YOUR OBJECTIVE
Among the entries that follow, the required portion opens with the line containing "have sizeU j" and closes with the line containing "by rewrite disjoint_sym;". Give that portion again exactly, and nothing else.

Stored dataset items

BEGIN

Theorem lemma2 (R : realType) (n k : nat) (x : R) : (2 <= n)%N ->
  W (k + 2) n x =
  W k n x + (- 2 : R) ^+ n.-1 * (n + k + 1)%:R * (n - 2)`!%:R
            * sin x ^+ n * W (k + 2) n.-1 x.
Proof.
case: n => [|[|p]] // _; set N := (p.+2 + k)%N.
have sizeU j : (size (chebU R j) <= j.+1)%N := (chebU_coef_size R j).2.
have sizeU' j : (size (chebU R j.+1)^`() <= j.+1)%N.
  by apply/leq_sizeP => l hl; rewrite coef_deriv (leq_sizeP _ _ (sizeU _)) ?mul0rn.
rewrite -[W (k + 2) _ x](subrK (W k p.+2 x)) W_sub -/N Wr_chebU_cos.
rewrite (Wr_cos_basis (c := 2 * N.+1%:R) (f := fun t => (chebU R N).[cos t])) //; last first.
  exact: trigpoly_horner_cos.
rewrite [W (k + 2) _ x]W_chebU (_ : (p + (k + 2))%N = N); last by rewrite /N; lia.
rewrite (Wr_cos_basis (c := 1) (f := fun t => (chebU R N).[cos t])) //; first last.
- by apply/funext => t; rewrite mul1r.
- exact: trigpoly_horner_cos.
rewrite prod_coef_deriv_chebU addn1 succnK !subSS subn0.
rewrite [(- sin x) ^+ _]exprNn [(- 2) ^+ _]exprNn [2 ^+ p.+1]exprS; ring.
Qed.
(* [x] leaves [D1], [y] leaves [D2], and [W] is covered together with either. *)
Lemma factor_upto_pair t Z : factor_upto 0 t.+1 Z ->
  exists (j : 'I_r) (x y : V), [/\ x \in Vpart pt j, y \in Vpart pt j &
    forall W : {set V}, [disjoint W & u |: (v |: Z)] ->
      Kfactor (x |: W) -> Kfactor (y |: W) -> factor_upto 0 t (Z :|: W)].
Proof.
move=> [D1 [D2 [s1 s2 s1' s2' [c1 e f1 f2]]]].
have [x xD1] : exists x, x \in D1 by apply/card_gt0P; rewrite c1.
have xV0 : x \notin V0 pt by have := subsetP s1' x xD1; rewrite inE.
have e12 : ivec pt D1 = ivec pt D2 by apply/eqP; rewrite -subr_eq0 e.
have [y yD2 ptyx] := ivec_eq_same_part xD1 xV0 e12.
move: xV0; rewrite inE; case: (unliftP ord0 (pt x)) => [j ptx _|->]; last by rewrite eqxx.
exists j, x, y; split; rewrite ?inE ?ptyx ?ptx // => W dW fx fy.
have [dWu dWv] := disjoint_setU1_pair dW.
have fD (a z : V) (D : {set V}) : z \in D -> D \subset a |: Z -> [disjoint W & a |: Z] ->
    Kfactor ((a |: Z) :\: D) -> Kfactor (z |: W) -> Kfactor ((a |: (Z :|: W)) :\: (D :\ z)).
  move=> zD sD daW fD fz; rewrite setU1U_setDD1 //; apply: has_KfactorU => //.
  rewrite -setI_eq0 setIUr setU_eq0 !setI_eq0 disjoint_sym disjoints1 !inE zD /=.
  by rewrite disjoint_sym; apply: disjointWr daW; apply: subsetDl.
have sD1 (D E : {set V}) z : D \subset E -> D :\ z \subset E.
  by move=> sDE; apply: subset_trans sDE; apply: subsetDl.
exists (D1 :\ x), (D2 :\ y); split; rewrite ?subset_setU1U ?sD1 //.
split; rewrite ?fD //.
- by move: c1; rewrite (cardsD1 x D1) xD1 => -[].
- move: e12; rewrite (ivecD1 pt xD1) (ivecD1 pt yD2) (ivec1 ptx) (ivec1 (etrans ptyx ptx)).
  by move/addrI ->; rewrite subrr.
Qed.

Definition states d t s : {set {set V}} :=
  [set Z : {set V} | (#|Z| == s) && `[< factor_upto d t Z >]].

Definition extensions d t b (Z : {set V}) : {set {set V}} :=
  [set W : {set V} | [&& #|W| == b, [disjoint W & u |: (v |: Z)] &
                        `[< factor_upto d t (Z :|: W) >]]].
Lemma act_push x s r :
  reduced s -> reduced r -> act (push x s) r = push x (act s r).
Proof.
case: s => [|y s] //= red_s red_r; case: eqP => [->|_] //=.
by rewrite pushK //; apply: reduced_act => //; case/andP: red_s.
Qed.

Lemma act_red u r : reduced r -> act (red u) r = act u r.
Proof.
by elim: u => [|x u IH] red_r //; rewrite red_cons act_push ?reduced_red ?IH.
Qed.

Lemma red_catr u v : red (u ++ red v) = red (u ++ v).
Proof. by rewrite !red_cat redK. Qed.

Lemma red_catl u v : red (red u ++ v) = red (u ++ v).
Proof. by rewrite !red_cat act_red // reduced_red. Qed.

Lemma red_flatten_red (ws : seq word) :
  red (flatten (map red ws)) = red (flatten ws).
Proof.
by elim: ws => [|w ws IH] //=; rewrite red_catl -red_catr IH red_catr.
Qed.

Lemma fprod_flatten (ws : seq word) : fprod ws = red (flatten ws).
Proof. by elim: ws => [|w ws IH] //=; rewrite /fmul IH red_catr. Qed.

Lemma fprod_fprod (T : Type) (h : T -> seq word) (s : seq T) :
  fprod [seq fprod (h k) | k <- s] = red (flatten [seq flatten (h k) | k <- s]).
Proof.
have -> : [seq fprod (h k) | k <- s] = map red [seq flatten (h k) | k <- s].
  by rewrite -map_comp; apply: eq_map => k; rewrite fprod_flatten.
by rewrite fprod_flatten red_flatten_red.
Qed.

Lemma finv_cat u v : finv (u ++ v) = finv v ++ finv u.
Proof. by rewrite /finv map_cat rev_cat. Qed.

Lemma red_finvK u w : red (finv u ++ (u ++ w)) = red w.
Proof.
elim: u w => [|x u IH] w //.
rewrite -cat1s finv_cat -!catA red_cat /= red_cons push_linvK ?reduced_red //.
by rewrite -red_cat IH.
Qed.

END

ANSWER TO THE EXERCISE
have sizeU j : (size (chebU R j) <= j.+1)%N := (chebU_coef_size R j).2.
have sizeU' j : (size (chebU R j.+1)^`() <= j.+1)%N.
  by apply/leq_sizeP => l hl; rewrite coef_deriv (leq_sizeP _ _ (sizeU _)) ?mul0rn.
rewrite -[W (k + 2) _ x](subrK (W k p.+2 x)) W_sub -/N Wr_chebU_cos.
rewrite (Wr_cos_basis (c := 2 * N.+1%:R) (f := fun t => (chebU R N).[cos t])) //; last first.
  exact: trigpoly_horner_cos.
rewrite [W (k + 2) _ x]W_chebU (_ : (p + (k + 2))%N = N); last by rewrite /N; lia.
rewrite (Wr_cos_basis (c := 1) (f := fun t => (chebU R N).[cos t])) //; first last.
- by apply/funext => t; rewrite mul1r.
- exact: trigpoly_horner_cos.
rewrite prod_coef_deriv_chebU addn1 succnK !subSS subn0.
rewrite [(- sin x) ^+ _]exprNn [(- 2) ^+ _]exprNn [2 ^+ p.+1]exprS; ring.
Qed.
(* [x] leaves [D1], [y] leaves [D2], and [W] is covered together with either. *)
Lemma factor_upto_pair t Z : factor_upto 0 t.+1 Z ->
  exists (j : 'I_r) (x y : V), [/\ x \in Vpart pt j, y \in Vpart pt j &
    forall W : {set V}, [disjoint W & u |: (v |: Z)] ->
      Kfactor (x |: W) -> Kfactor (y |: W) -> factor_upto 0 t (Z :|: W)].
Proof.
move=> [D1 [D2 [s1 s2 s1' s2' [c1 e f1 f2]]]].
have [x xD1] : exists x, x \in D1 by apply/card_gt0P; rewrite c1.
have xV0 : x \notin V0 pt by have := subsetP s1' x xD1; rewrite inE.
have e12 : ivec pt D1 = ivec pt D2 by apply/eqP; rewrite -subr_eq0 e.
have [y yD2 ptyx] := ivec_eq_same_part xD1 xV0 e12.
move: xV0; rewrite inE; case: (unliftP ord0 (pt x)) => [j ptx _|->]; last by rewrite eqxx.
exists j, x, y; split; rewrite ?inE ?ptyx ?ptx // => W dW fx fy.
have [dWu dWv] := disjoint_setU1_pair dW.
have fD (a z : V) (D : {set V}) : z \in D -> D \subset a |: Z -> [disjoint W & a |: Z] ->
    Kfactor ((a |: Z) :\: D) -> Kfactor (z |: W) -> Kfactor ((a |: (Z :|: W)) :\: (D :\ z)).
  move=> zD sD daW fD fz; rewrite setU1U_setDD1 //; apply: has_KfactorU => //.
  rewrite -setI_eq0 setIUr setU_eq0 !setI_eq0 disjoint_sym disjoints1 !inE zD /=.
  by rewrite disjoint_sym; apply: disjointWr daW; apply: subsetDl.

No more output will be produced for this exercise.